As a note: I am on Python 3.9.18
. To my knowledge the Python standard logging is thread-safe but not process-safe (see logging module source. The only mention of multiprocessing
in the structlog
docs is here and is regarding the pickleability of a logger. As far as I have looked through the structlog
source code I could not find anything it would consider thread- or process-safety. In my setup this also would not be its job, but the job of the standard logging handlers.
To verify this, I created a minimal example.
It consists of a simple worker which is provided a structlog
logger.
Through this logger it logs 1000 info messages.
Trough a multiprocessing.Pool
I spawn 1000 of those workers.
Without process-safety this should IMO result in malformed console output.
It does however work without a problem. Every row of the log is perfectly fine.
I tried the same while logging to a file and that also worked flawlessly.
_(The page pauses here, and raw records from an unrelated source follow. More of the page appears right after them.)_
(* For any graph $H$ and any positive integer $r$, $H$ is (isomorphic to) a subgraph of $G(\mathbb{Z}^2, \sqrt{r})$ if and only if $H$ is (isomorphic to) a subgraph of $G(\mathbb{Z}^2, \sqrt{2r})$.
   Context: For $X \subseteq \mathbb{R}^m$ and $d>0$, $G(X,d)$ denotes the Euclidean distance graph with vertex set $X$ in which two vertices are adjacent if and only if their Euclidean distance is exactly $d$. *)

From Stdlib Require Import ZArith Reals.
From mathcomp Require Import all_boot.

Set Implicit Arguments.
Unset Strict Implicit.
Unset Printing Implicit Defensive.

Definition Z2 : Type := (Z * Z)%type.

Definition euclid_dist (p q : Z2) : R :=
  sqrt (Rplus (pow (IZR (Z.sub (fst p) (fst q))) 2) (pow (IZR (Z.sub (snd p) (snd q))) 2)).

Definition G_Z2_adj (d : R) (p q : Z2) : Prop := euclid_dist p q = d.

Definition simple_graph (V : finType) (E : rel V) : Prop :=
  symmetric E /\ irreflexive E.

Definition subgraph_of_G_Z2 (V : finType) (E : rel V) (d : R) : Prop :=
  exists f : V -> Z2, injective f /\ forall u v, E u v -> G_Z2_adj d (f u) (f v).

(* Identify Z^2 with the Gaussian integers.  Multiplication by 1 + i is an
   injective map doubling squared distances, which gives one direction.
   Conversely, a squared distance 2r is even, so adjacent points of the
   embedding have the same parity of x + y; translating the odd class by a
   large odd horizontal shift lands every vertex in the ideal (1 + i) without
   changing any edge length or creating collisions, and dividing by 1 + i
   then halves all squared distances. *)
From Stdlib Require Import ZArith Reals Lia.
From mathcomp Require Import all_boot.

Open Scope Z_scope.

Definition sq_dist (p q : Z2) : Z :=
  (p.1 - q.1) * (p.1 - q.1) + (p.2 - q.2) * (p.2 - q.2).

Lemma G_Z2_adj_sqrt_nat (n : nat) (p q : Z2) :
  G_Z2_adj (sqrt (INR n)) p q <-> sq_dist p q = Z.of_nat n.
Proof.
rewrite /G_Z2_adj /euclid_dist /sq_dist INR_IZR_INZ /= !Rmult_1_r -!mult_IZR -plus_IZR.
split=> [eq_sqrt | -> //].
apply/eq_IZR/(sqrt_inj _ _ _ _ eq_sqrt); apply: IZR_le; last exact: Zle_0_nat.
by apply: Z.add_nonneg_nonneg; apply: Z.square_nonneg.
Qed.

(* (x + iy)(1 + i) and (x + iy)/(1 + i) = ((x + y) + i(y - x))/2. *)
Definition mul1i (p : Z2) : Z2 := (p.1 - p.2, p.1 + p.2).

Definition div1i (p : Z2) : Z2 := ((p.1 + p.2) / 2, (p.2 - p.1) / 2).

Definition even_pt (p : Z2) : bool := Z.even (p.1 + p.2).

Lemma mul1i_inj : injective mul1i.
Proof. by case=> a b [c d] [] /= h1 h2; f_equal; lia. Qed.

Lemma sq_dist_mul1i (p q : Z2) : sq_dist (mul1i p) (mul1i q) = 2 * sq_dist p q.
Proof. by rewrite /sq_dist /mul1i; cbn [fst snd]; ring. Qed.

Lemma mul1i_div1i (p : Z2) : even_pt p -> mul1i (div1i p) = p.
Proof.
case: p => x y; rewrite /even_pt /div1i /mul1i; cbn [fst snd].
move=> /Z.even_spec [m def_m].
rewrite def_m (_ : y - x = (m - x) * 2); last by lia.
rewrite (Z.mul_comm 2) !Z.div_mul //; f_equal; lia.
Qed.

Lemma sq_dist_div1i (p q : Z2) : even_pt p -> even_pt q ->
  2 * sq_dist (div1i p) (div1i q) = sq_dist p q.
Proof. by move=> even_p even_q; rewrite -sq_dist_mul1i !mul1i_div1i. Qed.

Lemma even_sq_dist (p q : Z2) :
  Z.even (sq_dist p q) = Bool.eqb (even_pt p) (even_pt q).
Proof.
rewrite /sq_dist /even_pt Z.even_add !Z.even_mul !Z.even_sub !Z.even_add.
by case: (Z.even p.1); case: (Z.even p.2); case: (Z.even q.1); case: (Z.even q.2).
Qed.

Lemma even_pt_eq_of_sq_dist_double (p q : Z2) (r : Z) :
  sq_dist p q = 2 * r -> even_pt p = even_pt q.
Proof.
move=> dpq; have := even_sq_dist p q.
by rewrite dpq Z.even_mul /=; case: (even_pt p); case: (even_pt q).
Qed.

Definition shift_odd (k : Z) (p : Z2) : Z2 :=
  if even_pt p then p else (p.1 + k, p.2).

Lemma even_pt_shift_odd (k : Z) (p : Z2) : Z.odd k -> even_pt (shift_odd k p).
Proof.
rewrite /shift_odd /even_pt; case: ifPn => // odd_p odd_k; cbn [fst snd].
rewrite -Z.add_assoc (Z.add_comm k) Z.add_assoc Z.even_add.
by rewrite (negbTE odd_p) -Z.negb_odd odd_k.
Qed.

Lemma sq_dist_shift_odd (k : Z) (p q : Z2) : even_pt p = even_pt q ->
  sq_dist (shift_odd k p) (shift_odd k q) = sq_dist p q.
Proof.
rewrite /shift_odd => <-; case: (even_pt p) => //.
by rewrite /sq_dist /=; ring.
Qed.

Lemma shift_odd_inj (k : Z) (p q : Z2) : p.1 + k <> q.1 -> q.1 + k <> p.1 ->
  shift_odd k p = shift_odd k q -> p = q.
Proof.
case: p q => [a b] [c d]; rewrite /shift_odd.
case: (even_pt _); case: (even_pt _) => /= ne1 ne2 [] h1 h2; f_equal; lia.
Qed.

Lemma exists_odd_separating_shift {V : finType} (x : V -> Z) :
  exists k, Z.odd k /\ forall u v, x u + k <> x v.
Proof.
pose M := (\max_(v : V) Z.abs_nat (x v))%N.
have bound_M v : Z.abs (x v) <= Z.of_nat M.
  have /leP := @leq_bigmax V (fun v => Z.abs_nat (x v)) v.
  by rewrite -/M; clearbody M; lia.
exists (2 * Z.of_nat M + 1); split.
  by apply/Z.odd_spec; exists (Z.of_nat M).
by move=> u v; have := bound_M u; have := bound_M v; lia.
Qed.

Section Scaling.

Variables (V : finType) (E : rel V) (n : nat).

Lemma subgraph_of_G_Z2_double :
  subgraph_of_G_Z2 E (sqrt (INR n)) -> subgraph_of_G_Z2 E (sqrt (INR (2 * n)%N)).
Proof.
case=> f [f_inj f_adj]; exists (mul1i \o f); split.
  exact: inj_comp mul1i_inj f_inj.
move=> u v /f_adj; rewrite !G_Z2_adj_sqrt_nat /= sq_dist_mul1i => ->.
by rewrite -multE; lia.
Qed.

Lemma subgraph_of_G_Z2_half :
  subgraph_of_G_Z2 E (sqrt (INR (2 * n)%N)) -> subgraph_of_G_Z2 E (sqrt (INR n)).
Proof.
case=> f [f_inj f_adj].
have [k [odd_k sep_k]] := exists_odd_separating_shift (fun v => (f v).1).
have even_g v : even_pt (shift_odd k (f v)) by exact: even_pt_shift_odd.
exists (fun v => div1i (shift_odd k (f v))); split.
  move=> u v /(congr1 mul1i); rewrite !mul1i_div1i // => eq_shift.
  exact/f_inj/(shift_odd_inj _ _ _ (sep_k u v) (sep_k v u) eq_shift).
move=> u v /f_adj; rewrite !G_Z2_adj_sqrt_nat -multE Nat2Z.inj_mul => dfuv.
have same_class := even_pt_eq_of_sq_dist_double _ _ _ dfuv.
have := sq_dist_div1i _ _ (even_g u) (even_g v).
by rewrite sq_dist_shift_odd // dfuv; lia.
Qed.

End Scaling.

Theorem theorem1 (V : finType) (E : rel V) (hE : simple_graph E)
    (r : nat) (hr : (0 < r)%N) :
  subgraph_of_G_Z2 E (sqrt (INR r)) <-> subgraph_of_G_Z2 E (sqrt (INR (2 * r)%N)).
Proof.
(* The equivalence holds for every relation E and every r. *)
split; [exact: subgraph_of_G_Z2_double | exact: subgraph_of_G_Z2_half].
Qed.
The minimal example using the above configuration function:
import sys
import os
from multiprocessing import Pool
from structlog import get_logger
from structlog_config import configure_structured_logging
configure_structured_logging(console_stream=sys.stdout)
logger = get_logger(module_level="playground")
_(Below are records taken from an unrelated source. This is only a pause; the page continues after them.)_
Lemma block_no_max n : no_max (block n) R.
Proof.
  intros x [Hx Hbx]. destruct HL as (_ & _ & Htot).
  destruct (next_infinite (rho x)) as (m & Hxm & Hm & Hcnt).
  destruct (fibre_finite_preds x Hx) as [l Hl].
  destruct (Hm (x :: l)) as (y & Hy & Ey & Hnotin).
  exists y. split; [split; [exact Hy|congruence]|].
  destruct (Htot x y Hx Hy) as [<-|[K|K]]; [exfalso; apply Hnotin; left; reflexivity|exact K|].
  exfalso. apply Hnotin. right. apply Hl; [exact Hy| |exact K].
  pose proof (rho_mono y x Hy Hx K). lia.
Qed.

Lemma not_infinite_fibre_finite m :
  ~ infinite_fibre m -> exists l, forall y, D y -> rho y = m -> In y l.
Proof.
  intros Hfin. apply NNPP. intros Hno. apply Hfin. intros l. apply NNPP. intros Hl.
  apply Hno. exists l. intros y Hy Ey. apply NNPP. intros Hy'. eauto.
Qed.

Lemma block_finite_preds n : finite_preds (block n) R.
Proof.
  intros x [Hx Hbx].
  set (fibre_list m := epsilon (inhabits []) (fun l => forall y, D y -> rho y = m -> In y l)).
  destruct (fibre_finite_preds x Hx) as [l Hl].
  exists (l ++ flat_map fibre_list (seq 0 (rho x))).
  intros y [Hy Hby] Hyx. apply in_or_app.
  pose proof (rho_mono y x Hy Hx Hyx) as Hle.
  destruct (Nat.eq_dec (rho y) (rho x)) as [E|Hne]; [left; exact (Hl y Hy E Hyx)|right].
  apply in_flat_map. exists (rho y). split; [apply in_seq; lia|].
  assert (Hfin : ~ infinite_fibre (rho y)).
  { intros Hinf. pose proof (infinite_below_lt (rho y) (rho x) ltac:(lia) Hinf). lia. }
  apply (epsilon_spec (inhabits []) (fun l => forall z, D z -> rho z = rho y -> In z l));
    [exact (not_infinite_fibre_finite _ Hfin)|exact Hy|reflexivity].
Qed.

Theorem iso_omega2_of_fibres : iso_on D R omega2.
Proof.
  change (iso_on D R (omega_copies omega)).
  apply (iso_omega_copies D R omega (fun x => infinite_below (rho x)) HL).
  - intros x y Hx Hy Hxy. apply infinite_below_mono, rho_mono; assumption.
  - intros n. apply (iso_omega _ (block n) R).
    + apply (linear_on_sub D); [intros x []; assumption|exact HL].
    + apply block_finite_preds.
    + apply block_nonempty.
    + apply block_no_max.
Qed.

End Omega2.

(** * The image of omega^2 is omega^3 *)

Definition lex (p q : nat * nat) : Prop := olt omega2 p q.

Lemma linear_lex : linear_on (fun _ => True) lex.
Proof.
  unfold lex. split; [|split]; cbn.
  - intros [a b] _. cbn. lia.
  - intros [a b] [c d] [e g] _ _ _. cbn. lia.
  - intros [a b] [c d] _ _. cbn.
    destruct (lt_eq_lt_dec a c) as [[H|<-]|H]; [tauto| |tauto].
    destruct (lt_eq_lt_dec b d) as [[H|<-]|H]; tauto.
Qed.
# A worker provided with a logger
def worker(count, local_logger):
pid = os.getpid()
for i in range(count):
local_logger.info("This is logging %s for TEST", str(i), pid=pid)
if __name__ == '__main__':
log_count = 1000
proc_count = 1000
pool = Pool(proc_count)
inputs = [(log_count, logger)]*proc_count
pool.starmap(worker, inputs)
I feel like I am missing something here. I need to make sure that this does not break and while this test is nice and all, I would like to understand how there are no race conditions. As a little side note, I also experimented with cache_logger_on_first_use
being set to True
, which according to the (aforementioned) docs would make the loggers unpickleable. However my example still works fine with this option set. Is this information deprecated?
P.S.: I know I can configure this setup to use QueueHandler
and definitely be process-safe, however I have decided that if I have to pass around a Queue
anyway, I might as well leverage the benefits of structlog
and pass around the loggers themselves.